Utilities
Use cases: Machine Learning Solutions
The intersection of the data industry and the energy industry is crucial for maximizing safety and environmental protection. Machine Learning can bring additional benefits to the utilities sector, such as minimizing risks and improving customer experience. Machine Learning models can also monitor and improve operations in real time, analyze and predict patterns, while being scalable and self-improving.

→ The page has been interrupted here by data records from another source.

Lemma strict_extension_het_pushout (H : graph S NH) :
  strict_extension H -> het_pushout L R G tau m H tau1 delta.
Proof.
move=> [Hout Hr]; split.
  split; first exact: is_morph_strictly_graphic.
  by split=> [|n nout]; [exact: P.1|exact/strictly_graphic_at_graphic/Hout].
move=> NH' H' tau1' d' [d'morph [d'comm tau1'graphic]].
have [[u [u1 u2]] uniq] := P.2 NH' tau1' d' d'comm.
split; last by move=> h1 h2 [_ [h11 h12]] [_ [h21 h22]]; apply: uniq.
exists u; split=> [x s l|//].
have [[r <-]|[n [nout <-]]] := set_pushout_cover P x => Hx.
- exact: (morph_at_strictly_graphic_image (Hr r) (is_morph_graphic r d'morph) u2 Hx).
- exact: (morph_at_strictly_graphic_image (Hout n nout) (tau1'graphic n nout) u1 Hx).
Qed.

End StrictExtension.

Section PushoutGraph.
Variables (S : signature) (NL NR NG NH : Type) (R : graph S NR) (G : graph S NG)
  (m : NL -> NG) (tau1 : NG -> NH) (delta : NR -> NH).

Definition pushout_label (x : NH) : option (sym S * seq NH) :=
  match excluded_middle_informative (exists r, delta r = x) with
  | left e => map_label delta (glab R (proj1_sig (constructive_indefinite_description _ e)))
  | right _ =>
    match excluded_middle_informative (exists n, outside_image m n /\ tau1 n = x) with
    | left e => map_label tau1 (glab G (proj1_sig (constructive_indefinite_description _ e)))
    | right _ => None
    end
  end.

Lemma pushout_label_wf x s l : pushout_label x = Some (s, l) -> size l = ar s.
Proof.
rewrite /pushout_label; case: excluded_middle_informative => [e|_]; first exact: map_label_wf.
by case: excluded_middle_informative => [e|//]; apply: map_label_wf.
Qed.

Definition pushout_graph : graph S NH := Graph pushout_label_wf.

Variable tau : NL -> NR.
Hypotheses (P : set_pushout tau m tau1 delta) (minj : injective m).

Lemma pushout_graph_strict_extension : strict_extension R G m tau1 delta pushout_graph.
Proof.
split=> [n nout|r]; apply/strictly_graphic_atE; rewrite /= /pushout_label.
- case: excluded_middle_informative => [[r /esym /(set_pushout_disjoint P nout)] //|_].
  case: excluded_middle_informative => [e|]; last by case; exists n.
  by case: constructive_indefinite_description => n' /= [_ /(set_pushout_inj_outside P nout) ->].
- case: excluded_middle_informative => [e|]; last by case; exists r.
  by case: constructive_indefinite_description => r' /= /(set_pushout_inj_delta P minj) ->.
Qed.

End PushoutGraph.

Section SumPushout.
Variables (A B C : Type) (tau : A -> B) (f : A -> C).
Hypothesis finj : injective f.

Definition sum_pushout : Type := (B + {c : C | outside_image f c})%type.

Definition sum_pushout_in (c : C) : sum_pushout :=
  match excluded_middle_informative (exists a, f a = c) with
  | left e => inl (tau (proj1_sig (constructive_indefinite_description _ e)))
  | right cout => inr (exist _ c cout)
  end.

Lemma sum_pushout_in_image a : sum_pushout_in (f a) = inl (tau a).
Proof.
rewrite /sum_pushout_in; case: excluded_middle_informative => [e|]; last by case; exists a.
by case: constructive_indefinite_description => a' /= /finj ->.
Qed.

Lemma sum_pushout_in_outside c (cout : outside_image f c) :
  sum_pushout_in c = inr (exist _ c cout).
Proof.
rewrite /sum_pushout_in; case: excluded_middle_informative => [//|cout'].
by rewrite (proof_irrelevance _ cout' cout).
Qed.

Lemma sum_pushoutP : set_pushout tau f sum_pushout_in inl.
Proof.
split=> [a|X g1 g2 g12]; first by rewrite sum_pushout_in_image.
split.
- exists (fun x => match x with inl b => g2 b | inr (exist c _) => g1 c end).
  split=> [c|//]; have [[a <-]|cout] := classic (exists a, f a = c).
  + by rewrite sum_pushout_in_image g12.
  + by rewrite (sum_pushout_in_outside cout).
- move=> u v u1 u2 v1 v2 [b|[c cout]]; first by rewrite u2 v2.
  by rewrite -(sum_pushout_in_outside cout) u1 v1.
Qed.

End SumPushout.

Theorem mainTheorem2 (S : signature) (NL NR NG : Type)
  (L : graph S NL) (R : graph S NR) (G : graph S NG)
  (tau : NL -> NR) (m : NL -> NG) (hm : is_morph L G m) (minj : injective m) :
  (exists (NH : Type) (H : graph S NH) (tau1 : NG -> NH) (d : NR -> NH),
      het_pushout L R G tau m H tau1 d) /\
  (forall (NH : Type) (tau1 : NG -> NH) (delta : NR -> NH),
      set_pushout tau m tau1 delta ->
      exists H : graph S NH,
        ((forall n, outside_image m n -> strictly_graphic_at G H tau1 n) /\
         (forall r, strictly_graphic_at R H delta r)) /\
        (forall H' : graph S NH,
           (forall n, outside_image m n -> strictly_graphic_at G H' tau1 n) ->
           (forall r, strictly_graphic_at R H' delta r) ->
           forall x, glab H' x = glab H x) /\
        is_morph R H delta /\
        het_pushout L R G tau m H tau1 delta).
Proof.
split.
  have P := sum_pushoutP tau minj.
  exists (sum_pushout NR m), (pushout_graph R G m (sum_pushout_in tau m) inl).
  exists (sum_pushout_in tau m), inl.
  exact: (strict_extension_het_pushout L P (pushout_graph_strict_extension R G P minj)).
move=> NH tau1 delta P; exists (pushout_graph R G m tau1 delta).
have SE := pushout_graph_strict_extension R G P minj.
split=> //; split=> [H' H'out H'r|].
  exact: (strict_extension_unique P SE (conj H'out H'r)).
split; first exact: is_morph_strictly_graphic SE.2.
exact: strict_extension_het_pushout.
Qed.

Monitoring and proactively maintaining infrastructure like pipelines or electricity lines
Drone or satellite data is readily available and despite its complexity, Machine Learning models can quickly analyze it even for a large area. Comparing it to patterns learned from historical data, a Machine Learning model can identify deviations and create a real-time warning system that can catch damages early for minimizing loss.
Modeling renewable energy supply based on weather data and cloud coverage
Based on satellite imagery including cloud coverage and historical weather data, Machine Learning models can be used to model renewable energy supply with accurate predictions that can help customers prepare for low supply time periods for instance.
Modeling energy demand for most economic production capacity utilization
Sudden bursts in energy use can be problematic for the network. A Machine Learning model can learn patterns of demand, based on which assets can be divided in an optimal way. Analyzing the important features the model has learned could help companies identify potential ways to improve efficiency.